DESCRIPTION OF THE TASK -> Lines from the line with "Definition psiU (C" to the line with "(forall f x, loc_const" in the entries below, and only those, must be output exactly, with both ends included.
ENTRIES SUPPLIED START
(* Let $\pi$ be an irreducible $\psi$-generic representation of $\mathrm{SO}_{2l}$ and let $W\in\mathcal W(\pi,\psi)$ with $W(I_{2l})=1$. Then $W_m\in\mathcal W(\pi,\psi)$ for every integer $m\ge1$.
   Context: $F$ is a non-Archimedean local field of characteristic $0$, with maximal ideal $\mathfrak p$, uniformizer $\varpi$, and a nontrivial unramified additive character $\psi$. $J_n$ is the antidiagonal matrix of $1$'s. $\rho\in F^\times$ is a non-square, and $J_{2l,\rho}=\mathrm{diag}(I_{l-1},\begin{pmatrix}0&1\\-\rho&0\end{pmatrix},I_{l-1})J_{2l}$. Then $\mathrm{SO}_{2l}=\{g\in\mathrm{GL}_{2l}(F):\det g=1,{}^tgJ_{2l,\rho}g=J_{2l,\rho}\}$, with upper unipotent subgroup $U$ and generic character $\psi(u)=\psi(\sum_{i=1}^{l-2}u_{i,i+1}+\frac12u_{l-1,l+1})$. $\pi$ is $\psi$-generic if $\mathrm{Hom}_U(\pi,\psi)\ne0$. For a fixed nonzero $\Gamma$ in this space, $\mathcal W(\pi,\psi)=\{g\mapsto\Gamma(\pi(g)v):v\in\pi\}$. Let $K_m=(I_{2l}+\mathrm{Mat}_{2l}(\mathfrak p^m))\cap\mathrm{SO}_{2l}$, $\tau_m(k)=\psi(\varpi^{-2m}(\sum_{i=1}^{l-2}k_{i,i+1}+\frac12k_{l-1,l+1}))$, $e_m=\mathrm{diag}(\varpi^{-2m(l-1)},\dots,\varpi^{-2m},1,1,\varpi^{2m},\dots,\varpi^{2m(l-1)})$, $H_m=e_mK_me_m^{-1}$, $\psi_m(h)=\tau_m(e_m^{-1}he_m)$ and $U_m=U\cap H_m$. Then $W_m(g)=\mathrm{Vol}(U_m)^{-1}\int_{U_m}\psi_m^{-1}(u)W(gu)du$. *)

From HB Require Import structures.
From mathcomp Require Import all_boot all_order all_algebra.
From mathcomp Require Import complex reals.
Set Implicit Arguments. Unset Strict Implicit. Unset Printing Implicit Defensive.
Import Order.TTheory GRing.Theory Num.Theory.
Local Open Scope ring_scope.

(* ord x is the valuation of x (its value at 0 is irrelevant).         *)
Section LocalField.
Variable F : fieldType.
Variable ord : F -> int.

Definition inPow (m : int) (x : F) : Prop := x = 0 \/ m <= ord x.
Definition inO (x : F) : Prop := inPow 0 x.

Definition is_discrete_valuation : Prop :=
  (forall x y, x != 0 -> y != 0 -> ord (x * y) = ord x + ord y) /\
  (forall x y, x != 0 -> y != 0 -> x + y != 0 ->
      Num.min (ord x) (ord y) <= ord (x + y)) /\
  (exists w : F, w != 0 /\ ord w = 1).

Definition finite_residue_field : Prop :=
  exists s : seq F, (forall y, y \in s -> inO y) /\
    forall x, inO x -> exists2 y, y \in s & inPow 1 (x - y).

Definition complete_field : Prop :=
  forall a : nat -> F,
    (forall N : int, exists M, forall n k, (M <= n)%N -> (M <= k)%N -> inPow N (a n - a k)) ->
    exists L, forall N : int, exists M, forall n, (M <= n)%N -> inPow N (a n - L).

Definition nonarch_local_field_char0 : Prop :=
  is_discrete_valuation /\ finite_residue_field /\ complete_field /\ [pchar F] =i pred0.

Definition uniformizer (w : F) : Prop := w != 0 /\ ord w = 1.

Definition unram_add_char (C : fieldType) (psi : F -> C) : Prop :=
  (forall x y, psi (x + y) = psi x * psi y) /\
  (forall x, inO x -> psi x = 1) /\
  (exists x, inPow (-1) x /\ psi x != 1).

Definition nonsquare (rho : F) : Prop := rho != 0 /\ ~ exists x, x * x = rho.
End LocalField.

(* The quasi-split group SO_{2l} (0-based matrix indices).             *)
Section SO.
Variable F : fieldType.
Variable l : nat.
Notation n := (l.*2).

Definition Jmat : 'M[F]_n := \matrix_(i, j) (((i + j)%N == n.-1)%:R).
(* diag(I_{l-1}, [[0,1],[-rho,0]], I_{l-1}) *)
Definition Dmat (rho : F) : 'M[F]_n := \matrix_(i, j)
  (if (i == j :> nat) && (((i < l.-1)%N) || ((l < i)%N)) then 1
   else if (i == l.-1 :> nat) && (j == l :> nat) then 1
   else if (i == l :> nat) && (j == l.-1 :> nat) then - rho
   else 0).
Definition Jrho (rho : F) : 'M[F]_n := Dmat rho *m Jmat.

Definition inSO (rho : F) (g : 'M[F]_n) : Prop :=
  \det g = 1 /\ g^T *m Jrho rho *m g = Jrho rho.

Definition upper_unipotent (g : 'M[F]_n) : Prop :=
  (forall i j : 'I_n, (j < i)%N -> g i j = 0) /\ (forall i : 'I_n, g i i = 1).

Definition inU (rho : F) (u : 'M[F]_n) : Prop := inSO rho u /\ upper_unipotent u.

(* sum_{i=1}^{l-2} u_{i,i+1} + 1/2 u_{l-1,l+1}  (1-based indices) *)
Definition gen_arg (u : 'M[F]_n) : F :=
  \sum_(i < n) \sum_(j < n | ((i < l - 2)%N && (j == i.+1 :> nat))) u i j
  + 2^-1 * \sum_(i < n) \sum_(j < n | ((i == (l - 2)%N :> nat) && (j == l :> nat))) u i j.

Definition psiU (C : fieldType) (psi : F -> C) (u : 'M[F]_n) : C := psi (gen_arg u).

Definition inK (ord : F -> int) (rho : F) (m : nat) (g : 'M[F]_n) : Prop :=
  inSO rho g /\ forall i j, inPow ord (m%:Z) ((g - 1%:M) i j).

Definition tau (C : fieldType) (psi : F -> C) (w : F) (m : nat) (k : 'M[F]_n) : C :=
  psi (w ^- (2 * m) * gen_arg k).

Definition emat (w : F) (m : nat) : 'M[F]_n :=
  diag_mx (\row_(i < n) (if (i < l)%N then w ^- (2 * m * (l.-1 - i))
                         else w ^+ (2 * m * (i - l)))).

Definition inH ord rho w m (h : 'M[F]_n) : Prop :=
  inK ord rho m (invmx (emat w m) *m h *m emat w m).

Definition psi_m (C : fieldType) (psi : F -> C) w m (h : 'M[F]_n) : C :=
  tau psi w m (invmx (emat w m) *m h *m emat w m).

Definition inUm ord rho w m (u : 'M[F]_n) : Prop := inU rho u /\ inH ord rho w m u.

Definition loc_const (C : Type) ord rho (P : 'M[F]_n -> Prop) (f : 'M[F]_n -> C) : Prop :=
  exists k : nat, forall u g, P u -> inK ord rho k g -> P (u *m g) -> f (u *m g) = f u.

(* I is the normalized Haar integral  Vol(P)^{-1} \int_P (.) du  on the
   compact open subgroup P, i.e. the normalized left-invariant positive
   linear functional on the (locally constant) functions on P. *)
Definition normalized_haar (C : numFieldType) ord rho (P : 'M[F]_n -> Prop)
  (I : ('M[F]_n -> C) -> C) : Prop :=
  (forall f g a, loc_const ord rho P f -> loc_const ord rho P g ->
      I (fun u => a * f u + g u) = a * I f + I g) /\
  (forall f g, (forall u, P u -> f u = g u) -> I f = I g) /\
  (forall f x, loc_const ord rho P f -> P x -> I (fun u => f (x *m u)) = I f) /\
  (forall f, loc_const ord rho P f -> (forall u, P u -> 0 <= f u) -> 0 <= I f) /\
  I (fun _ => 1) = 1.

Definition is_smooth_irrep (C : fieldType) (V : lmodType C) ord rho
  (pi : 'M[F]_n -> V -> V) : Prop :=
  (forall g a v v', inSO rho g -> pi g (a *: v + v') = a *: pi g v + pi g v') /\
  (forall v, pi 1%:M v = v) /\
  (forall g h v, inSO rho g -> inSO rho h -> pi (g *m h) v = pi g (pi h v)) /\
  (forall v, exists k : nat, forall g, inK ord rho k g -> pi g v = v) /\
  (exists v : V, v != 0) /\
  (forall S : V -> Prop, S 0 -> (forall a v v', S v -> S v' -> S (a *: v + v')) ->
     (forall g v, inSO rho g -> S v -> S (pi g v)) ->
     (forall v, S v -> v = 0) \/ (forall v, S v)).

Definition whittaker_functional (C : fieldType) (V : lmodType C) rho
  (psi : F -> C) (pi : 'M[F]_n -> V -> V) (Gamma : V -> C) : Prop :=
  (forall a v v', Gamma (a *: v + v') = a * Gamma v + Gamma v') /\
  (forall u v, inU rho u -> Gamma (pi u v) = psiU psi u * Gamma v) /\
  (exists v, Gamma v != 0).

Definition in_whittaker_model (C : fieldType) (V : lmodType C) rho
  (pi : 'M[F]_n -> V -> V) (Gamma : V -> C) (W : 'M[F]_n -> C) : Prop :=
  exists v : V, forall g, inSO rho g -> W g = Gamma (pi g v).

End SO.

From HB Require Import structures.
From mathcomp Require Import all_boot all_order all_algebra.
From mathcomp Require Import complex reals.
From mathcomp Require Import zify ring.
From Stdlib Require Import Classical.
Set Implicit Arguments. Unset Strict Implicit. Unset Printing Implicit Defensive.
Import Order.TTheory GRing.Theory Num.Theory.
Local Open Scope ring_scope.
ENTRIES SUPPLIED END
RESULT ->
Definition psiU (C : fieldType) (psi : F -> C) (u : 'M[F]_n) : C := psi (gen_arg u).

Definition inK (ord : F -> int) (rho : F) (m : nat) (g : 'M[F]_n) : Prop :=
  inSO rho g /\ forall i j, inPow ord (m%:Z) ((g - 1%:M) i j).

Definition tau (C : fieldType) (psi : F -> C) (w : F) (m : nat) (k : 'M[F]_n) : C :=
  psi (w ^- (2 * m) * gen_arg k).

Definition emat (w : F) (m : nat) : 'M[F]_n :=
  diag_mx (\row_(i < n) (if (i < l)%N then w ^- (2 * m * (l.-1 - i))
                         else w ^+ (2 * m * (i - l)))).

Definition inH ord rho w m (h : 'M[F]_n) : Prop :=
  inK ord rho m (invmx (emat w m) *m h *m emat w m).

Definition psi_m (C : fieldType) (psi : F -> C) w m (h : 'M[F]_n) : C :=
  tau psi w m (invmx (emat w m) *m h *m emat w m).

Definition inUm ord rho w m (u : 'M[F]_n) : Prop := inU rho u /\ inH ord rho w m u.

Definition loc_const (C : Type) ord rho (P : 'M[F]_n -> Prop) (f : 'M[F]_n -> C) : Prop :=
  exists k : nat, forall u g, P u -> inK ord rho k g -> P (u *m g) -> f (u *m g) = f u.

(* I is the normalized Haar integral  Vol(P)^{-1} \int_P (.) du  on the
   compact open subgroup P, i.e. the normalized left-invariant positive
   linear functional on the (locally constant) functions on P. *)
Definition normalized_haar (C : numFieldType) ord rho (P : 'M[F]_n -> Prop)
  (I : ('M[F]_n -> C) -> C) : Prop :=
  (forall f g a, loc_const ord rho P f -> loc_const ord rho P g ->
      I (fun u => a * f u + g u) = a * I f + I g) /\
  (forall f g, (forall u, P u -> f u = g u) -> I f = I g) /\
  (forall f x, loc_const ord rho P f -> P x -> I (fun u => f (x *m u)) = I f) /\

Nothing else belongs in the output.